Now is terrible time for VA secretary to abandon his post
Published 1:59 am Wednesday, October 18, 2017
By Joseph R. Chenelly
A long-awaited overhaul of veterans’ health care is being unveiled to the world. At the helm throughout the two years of developing this road map has been David Shulkin.
As the U.S. Department of Veterans Affairs is finally on the cusp of rolling out its master plan to ensure every veteran has access to timely, quality care, the VA secretary reportedly is interviewing for another job. As The Wall Street Journal revealed Friday, the White House brought Shulkin in last week to discuss having him take over the Department of Health and Human Services, a post left vacant by the abrupt resignation of Tom Price. (VA did not confirm or deny the Journal’s reporting.)
There is a lot of unfinished business in VA, requiring knowledgeable leadership. The White House cannot sacrifice that even if direction is needed elsewhere in the battle over the Affordable Care Act.

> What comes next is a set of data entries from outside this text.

(* Let $\mathcal{H}$ be a real Hilbert space, $N\ge2$, $A_1,\dots,A_N:\mathcal{H}\rightrightarrows\mathcal{H}$ maximally monotone, $\theta\in(0,1)$, and $\Gamma\subseteq\mathbb{R}_{++}$ a nonempty closed interval. For $\gamma\in\Gamma$ let $T_\gamma:\mathcal{H}^{N-1}\to\mathcal{H}^{N-1}$ be the Malitsky--Tam operator and, for $\gamma,\delta\in\mathbb{R}_{++}$, let $\tilde{\mathcal{Q}}_{\delta\leftarrow\gamma}$ be the relocator, both defined in the context. Then for any nonempty bounded set $S\subseteq\bigcup_{\gamma\in\Gamma}(\operatorname{Fix}T_\gamma\times\{\gamma\})$ there exists $L\ge0$ with $\|\tilde{\mathcal{Q}}_{\delta\leftarrow\gamma}\mathbf{x}-\tilde{\mathcal{Q}}_{\gamma\leftarrow\gamma}\mathbf{x}\|\le L|\delta-\gamma|$ for all $\delta\in\Gamma$ and all $(\mathbf{x},\gamma)\in S$.
   Context: $J_A=(\mathrm{Id}+A)^{-1}$. Malitsky--Tam operator: for $\mathbf{x}=(x^1,\dots,x^{N-1})\in\mathcal{H}^{N-1}$, set $z^1=J_{\gamma A_1}x^1$, $z^i=J_{\gamma A_i}(z^{i-1}+x^i-x^{i-1})$ for $i=2,\dots,N-1$, $z^N=J_{\gamma A_N}(z^1+z^{N-1}-x^{N-1})$, and $T_\gamma\mathbf{x}=\mathbf{x}+\theta(z^2-z^1,\dots,z^N-z^{N-1})$. Relocator: $\tilde{\mathcal{Q}}^1_{\delta\leftarrow\gamma}\mathbf{x}=\frac{\delta}{\gamma}x^1+(1-\frac{\delta}{\gamma})J_{\gamma A_1}x^1$ and $\tilde{\mathcal{Q}}^i_{\delta\leftarrow\gamma}\mathbf{x}=\frac{\delta}{\gamma}(x^i-x^1)+\tilde{\mathcal{Q}}^1_{\delta\leftarrow\gamma}\mathbf{x}$ for $i=2,\dots,N-1$; $\tilde{\mathcal{Q}}_{\delta\leftarrow\gamma}=(\tilde{\mathcal{Q}}^1_{\delta\leftarrow\gamma},\dots,\tilde{\mathcal{Q}}^{N-1}_{\delta\leftarrow\gamma})$. $\mathcal{H}^{N-1}$ carries the product Hilbert norm. *)

From HB Require Import structures.
From mathcomp Require Import all_boot all_order all_algebra.
From mathcomp Require Import all_classical all_reals all_analysis.
From Stdlib Require Import ClassicalEpsilon.
Set Implicit Arguments. Unset Strict Implicit. Unset Printing Implicit Defensive.
Import Order.TTheory GRing.Theory Num.Theory.
Local Open Scope ring_scope.
Local Open Scope classical_set_scope.

Section Hilbert.
Variables (R : realType) (H : lmodType R) (ip : H -> H -> R).

Definition hnorm (x : H) : R := Num.sqrt (ip x x).

Definition isHilbert : Prop :=
  [/\ (forall x y, ip x y = ip y x),
      (forall a x y z, ip (a *: x + y) z = a * ip x z + ip y z),
      (forall x, 0 <= ip x x),
      (forall x, ip x x = 0 -> x = 0) &
      (forall u : nat -> H,
        (forall e : R, 0 < e -> exists M : nat, forall m n : nat,
             (M <= m)%N -> (M <= n)%N -> hnorm (u m - u n) < e) ->
        exists l : H, forall e : R, 0 < e -> exists M : nat, forall n : nat,
             (M <= n)%N -> hnorm (u n - l) < e)].

(* set-valued operators A : H => H given by their graph: A x u <-> u \in A x *)
Definition monotone_op (A : H -> H -> Prop) : Prop :=
  forall x y u v, A x u -> A y v -> 0 <= ip (x - y) (u - v).

Definition maxmonotone (A : H -> H -> Prop) : Prop :=
  monotone_op A /\
  forall B : H -> H -> Prop, monotone_op B ->
    (forall x u, A x u -> B x u) -> forall x u, B x u -> A x u.

(* resolvent J_{g A} x = (Id + g A)^{-1} x; a point p with x \in p + g A p.
   For A maximally monotone and g > 0 this point exists and is unique
   (Minty), so the choice below is exactly the resolvent. *)
Definition resolvent (g : R) (A : H -> H -> Prop) (x : H) : H :=
  epsilon (inhabits 0) (fun p => exists u, A p u /\ x = p + g *: u).

Definition pnorm (n : nat) (x : 'I_n -> H) : R :=
  Num.sqrt (\sum_(j < n) ip (x j) (x j)).

Section MT.
Variables (N : nat) (As : nat -> H -> H -> Prop) (theta g : R).

(* A_i = As i for i = 1..N (1-based; other indices unused) *)
Definition J (i : nat) (x : H) : H := resolvent g (As i) x.

(* 1-based access to x = (x^1,...,x^{N-1}) *)
Definition xs (x : 'I_N.-1 -> H) (i : nat) : H :=
  if i is k.+1 then (if insub k is Some j then x j else 0) else 0.

Fixpoint mtz (x : 'I_N.-1 -> H) (i : nat) : H :=
  match i with
  | 0 => 0
  | 1 => J 1 (xs x 1)
  | (k.+1 as i').+1 => J i'.+1 (mtz x i' + xs x i'.+1 - xs x i')
  end.

Definition MTz (x : 'I_N.-1 -> H) (i : nat) : H :=
  if i == N then J N (mtz x 1 + mtz x N.-1 - xs x N.-1) else mtz x i.

Definition MT_T (x : 'I_N.-1 -> H) : 'I_N.-1 -> H :=
  fun j => x j + theta *: (MTz x (j.+2) - MTz x (j.+1)).

End MT.

Definition reloc (N : nat) (As : nat -> H -> H -> Prop) (d g : R)
    (x : 'I_N.-1 -> H) : 'I_N.-1 -> H :=
  let Q1 := (d / g) *: xs x 1 + (1 - d / g) *: J As g 1 (xs x 1) in
  fun j => if (j : nat) == 0%N then Q1 else (d / g) *: (x j - xs x 1) + Q1.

Shulkin was drafted from the private sector in 2015 to tackle VA’s access crisis as it was being blamed for killing veterans stuck on secret wait lists, forced to line up for months before being seen. He was appointed undersecretary of VA’s Veterans Health Administration by President Barack Obama and promoted 18 months later to VA secretary after President Trump was elected. With veterans organizations’ enthusiastic support, the Senate confirmed Shulkin 100-0 in February.
During an otherwise chaotic time in Washington, the transition of power has been smooth at VA. Shulkin was already intimately aware of the challenges he faced coming in, having worked closely with his predecessor Bob McDonald. That experience mattered in understanding the VA as well as the relationships with Congress and the veteran communities and organizations within it.
Shulkin elevated his top aides to seamlessly backfill. While other agencies struggled through drastic change, VA benefited from continuity. The result is perhaps the most productive first year among any of President Trump’s Cabinet-level positions.
Now the prospect of VA losing its chief at this critical time is alarming. But significantly compounding the concern is that two of Shulkin’s top lieutenants just quit. Both were driving creation of the new “CARE” plan, which stands for Coordinated Access and Rewarding Experiences, a multibillion-dollar strategy to ensure access for veterans who live far from VA facilities or near VA medical centers that are over capacity or underperforming.
Poonam Allaigh and Baligh Yehia each abruptly resigned within the past few weeks. Alleigh was VA’s acting undersecretary for health since Shulkin was promoted, and Yehia ran VA’s network of community medical providers. Both joined the organization in 2015, commissioned to fix a broken system.
CARE is the product of more than two years of collaboration by VA, veterans service organizations and other stakeholders. Much of the plan, expected to be released this month, contains a lot of vagueness, outlining policies but leaving the creation and implementation of regulations up to the VA secretary – someone, it is hoped, intimately involved in its creation. We cannot leave formation of these regulations to a person who was not integral in establishing overall strategy.
VA has three major pillars: health care, veterans benefits and cemeteries. Each is vital to the government keeping its promise to veterans and their families, so each is supposed to be led by an undersecretary confirmed by Congress. But President Donald Trump has yet to nominate anyone for VHA or the Veterans Benefits Administration. If the administration does not move wisely, it will create a dangerous leadership void in an agency that the president often says is among his most important.
There is no doubt the top post at Health and Human Services is vital to every American, given the raging debate over the future of health-care insurance, certainly including veterans. There is little doubt Shulkin is qualified. But the timing is dangerous to the Department of Veterans Affairs and the millions of veterans who depend on it.
As a veteran, I would never leave my compatriots behind. I hope Shulkin feels the same way.
Chenelly is a Marine Corps combat veteran of operations in Afghanistan and Iraq. He is the national executive director of AMVETS, a veterans service organization with more than 250,000 members nationwide.